Une précision d’abord : les indépendants forcés d’arrêter leur activité durant 7 jours d’affilée pourront bel et bien bénéficier du revenu de remplacement. Auparavant, il fallait un mois d’interruption. Si votre activité est limitée (comme Mirabelle, qui ne suspend pas totalement, mais diminue ses services de restauration), vous pouvez également en bénéficier sans aucune condition de durée d’arrêt.

Pour toute information, le ministre fédéral des PME et des indépendants, Denis Ducarme, conseille d’appeler l’Institut national d’assurances sociales pour travailleurs indépendants (INASTI) au 0800 12 018, du lundi au vendredi de 8 à 20h. Ce revenu de remplacement est important, puisqu’il vous permet de garder vos droits à l’assurance-maladie invalidité.

Le ministère précise ainsi que l’indépendant dont l’activité est impactée par des mesures sanitaires pourra bénéficier pour ces deux mois (mars et avril 2020) de l’indemnité complète de 1291,69€ (1614,10 € si charge de famille), quelle que soit la durée de l’interruption.

2. Quid des cotisations sociales ?

Plusieurs scénarios : Report, réduction ou annulation.

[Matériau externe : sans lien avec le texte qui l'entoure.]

(* g is the partial derivative of f in the second variable (theta) on the
   closed strip; at the endpoints this is the one-sided derivative. *)
Definition pderiv_theta (tmin tmax : R) (f g : R -> R -> R) : Prop :=
  forall x y, in_closed tmin tmax y ->
    forall eps, 0 < eps -> exists delta, 0 < delta /\
      forall h, h <> 0 -> Rabs h < delta -> in_closed tmin tmax (y + h) ->
        Rabs ((f x (y + h) - f x y) / h - g x y) < eps.

Definition C2_strip (tmin tmax : R) (f f1 f2 f11 f22 : R -> R -> R) : Prop :=
  exists f12 f21 : R -> R -> R,
    pderiv_xi tmin tmax f f1 /\ pderiv_theta tmin tmax f f2 /\
    pderiv_xi tmin tmax f1 f11 /\ pderiv_theta tmin tmax f1 f12 /\
    pderiv_xi tmin tmax f2 f21 /\ pderiv_theta tmin tmax f2 f22 /\
    cont_strip tmin tmax f /\ cont_strip tmin tmax f1 /\
    cont_strip tmin tmax f2 /\ cont_strip tmin tmax f11 /\
    cont_strip tmin tmax f12 /\ cont_strip tmin tmax f21 /\
    cont_strip tmin tmax f22.

(* On a rectangle [-b, b] x [tmin, tmax] either mu vanishes identically
   (take C = 0), or mu is positive at one point; we show that it is then
   positive on the whole closed rectangle, and C = max mu / min mu works by
   compactness.  Positivity spreads by a comparison argument with a truncated
   Gaussian barrier  w = mu - eps (E - K),  E = exp (-lam |(x, y) - (a, b)|^2):
   for lam large, E is a strict subsolution of the linear operator
   y d_xx + alpha d_yy + c d_x + Q away from its centre, so w cannot have a
   negative minimum in the interior (by the equation, with the zeroth-order
   coefficient -r (1 - nu) <= Q from local boundedness of nu), nor on the
   horizontal edges (Neumann condition versus the slope of E). *)

From Stdlib Require Import Reals Lra.
From mathcomp Require Import all_boot all_order all_algebra.
From mathcomp Require Import boolp classical_sets interval_inference reals topology.
From mathcomp Require Import normedtype derive Rstruct Rstruct_topology.
Import Order.TTheory GRing.Theory Num.Theory.
Import numFieldNormedType.Exports.
Open Scope R_scope.
(* Let $\mathcal{H}_A,\mathcal{H}_B$ be finite-dimensional Hilbert spaces, let $Q_A$ and $Q_B$ be Hermitian operators on $\mathcal{H}_A$ and $\mathcal{H}_B$ respectively, and let $O\neq 0$ be an operator on $\mathcal{H}_A\otimes\mathcal{H}_B$ satisfying $[Q_A\otimes\mathbb{1}+\mathbb{1}\otimes Q_B,\,O]=0$. Then there exists a symmetry-resolved operator Schmidt decomposition $$\frac{O}{\sqrt{\mathrm{Tr}(O^\dagger O)}}=\sum_q\sum_j\lambda_j^{(q)}\,O_{A,j}^{(q)}\otimes O_{B,j}^{(-q)},$$ where $q$ ranges over eigenvalues of the linear map $X\mapsto[Q_A,X]$ on $\mathrm{End}(\mathcal{H}_A)$, $\lambda_j^{(q)}\ge0$, $\mathrm{Tr}\big((O_{A,j}^{(q)})^\dagger O_{A,j'}^{(q')}\big)=\delta_{q,q'}\delta_{j,j'}$, $\mathrm{Tr}\big((O_{B,j}^{(q)})^\dagger O_{B,j'}^{(q')}\big)=\delta_{q,q'}\delta_{j,j'}$, and $[Q_A,O_{A,j}^{(q)}]=q\,O_{A,j}^{(q)}$, $[Q_B,O_{B,j}^{(q)}]=q\,O_{B,j}^{(q)}$. *)

From mathcomp Require Export all_boot all_order all_algebra.
From mathcomp Require Export mxtens.
Set Implicit Arguments. Unset Strict Implicit. Unset Printing Implicit Defensive.
Import Order.TTheory GRing.Theory Num.Theory.
Local Open Scope ring_scope.

Definition adjmx (C : numClosedFieldType) (m n : nat) (A : 'M[C]_(m, n)) : 'M[C]_(n, m) :=
  (map_mx Num.conj A)^T.

Definition comm_op (C : numClosedFieldType) (n : nat) (X Y : 'M[C]_n) : 'M[C]_n :=
  X *m Y - Y *m X.

Definition hermitian (C : numClosedFieldType) (n : nat) (Q : 'M[C]_n) : Prop :=
  adjmx Q = Q.

Definition ad_eigenvalue (C : numClosedFieldType) (n : nat) (Q : 'M[C]_n) (q : C) : Prop :=
  exists X : 'M[C]_n, X != 0 /\ comm_op Q X = q *: X.

(* Realignment sends [X *t Y] to [mxtvec X *m (mxtvec Y)^T], so an operator Schmidt
   decomposition of O is a singular value decomposition of R := realign O, with the
   singular vectors read back as operators. Vectorisation turns X |-> [Q, X] into the
   Hermitian matrix ad_mx Q, and the symmetry of O into
   ad_mx QA *m R = R *m (- ad_mx QB)^T. For such an intertwiner the Gram matrix
   R R^* commutes with ad_mx QA, so one unitary P diagonalises both; the transposed
   rows of P R are then orthogonal eigenvectors of - ad_mx QB with the eigenvalues of
   ad_mx QA, and normalising the nonzero ones gives an SVD of R whose left and right
   singular vectors are eigenvectors of ad QA and ad QB with opposite eigenvalues. *)

From HB Require Import structures.
From mathcomp Require Import sesquilinear spectral ring.
Import Order.TTheory GRing.Theory Num.Theory.
Local Open Scope ring_scope.
Set Implicit Arguments. Unset Strict Implicit. Unset Printing Implicit Defensive.

Section Realignment.
Variable R : comPzRingType.

Lemma sum_mxtens_index (V : nmodType) m n (F : 'I_(m * n) -> V) :
  \sum_k F k = \sum_i \sum_j F (mxtens_index (i, j)).
Proof.
rewrite pair_bigA /= (reindex (@mxtens_index m n)) /=.
  by apply: eq_bigr => -[i j].
by exists (@mxtens_unindex m n) => k _; rewrite ?mxtens_indexK ?mxtens_unindexK.
Qed.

D’abord, les travailleurs indépendants peuvent solliciter un report d’un an du paiement des cotisations sociales provisoires. Cette mesure vaut pour les cotisations provisoires des premier et deuxième trimestre de 2020. Par exemple : la cotisation relative au premier trimestre de 2020 sera payée avant le 31 mars 2021 (celle relative au deuxième trimestre 2020, sera payée avant fin juin 2021). La demande peut être introduite jusqu’au 15 juin 2020.

Cette demande doit se faire via votre caisse d’assurances sociales. Vous devez fournir les nom et prénom(s), le domicile de la personne employée, le nom et le siège de l’exploitation ainsi que le numéro d’entreprise. Evidemment, il n’y aura aucune majoration due à un paiement tardif pour les travailleurs indépendants.

Ensuite, les travailleurs indépendants peuvent aussi solliciter une réduction de leurs cotisations sociales provisoires pour l’année 2020. Pour cela, il faut vous adresser à votre caisse d’assurances sociales.

Enfin, ils peuvent aussi demander leurs dispenses complètes. Dans le cadre des problèmes dus au coronavirus, et pour accélérer le traitement des dossiers, les indépendants doivent, en plus d’un formulaire en ligne, l’envoyer aussi à cette adresse : mailbox-dvr@rsvz-inasti.fgov.be

3. Etalement de la TVA, impôt des sociétés, précompte

C’est écrit noir sur blanc dans la note du conseil des ministres du 6 mars dernier, un plan de paiement sur la TVA sera mis en place. Il faudra pour cela prouver que les difficultés de paiement sont en lien avec le covid-19, notamment via la démonstration d’un chiffre d’affaires, annulation de commandes et de réservations, des effets de "réaction en chaîne", de difficultés d’entreprises partenaires. La même disposition est possible concernant le paiement de l’impôt des sociétés et le précompte professionnel.

Cela sera-t-il suffisant pour permettre aux indépendants de supporter le choc ? Notre restauratrice en doute : "Si on ne sait pas honorer certains paiements maintenant, je ne vois pas pourquoi on pourra le faire plus tard ou dans un an, à moins que l’activité reprenne en flèche", soupire Mirabelle Bucher.

Toutes ces mesures représentent un total de plus de 500 millions d’euros d’aides apportées aux indépendants. C’est sans compter le soutien régional : la Wallonie, qui a déjà promis un fonds de 100 millions d’aides directs, la Flandre et sa promesse d’indemnisations forfaitaires, ainsi que la Région bruxelloise. Celle-ci a mis à jour un site important pour répondre à toutes vos questions. Il est question, notamment, de garanties publiques sur des prêts bancaires.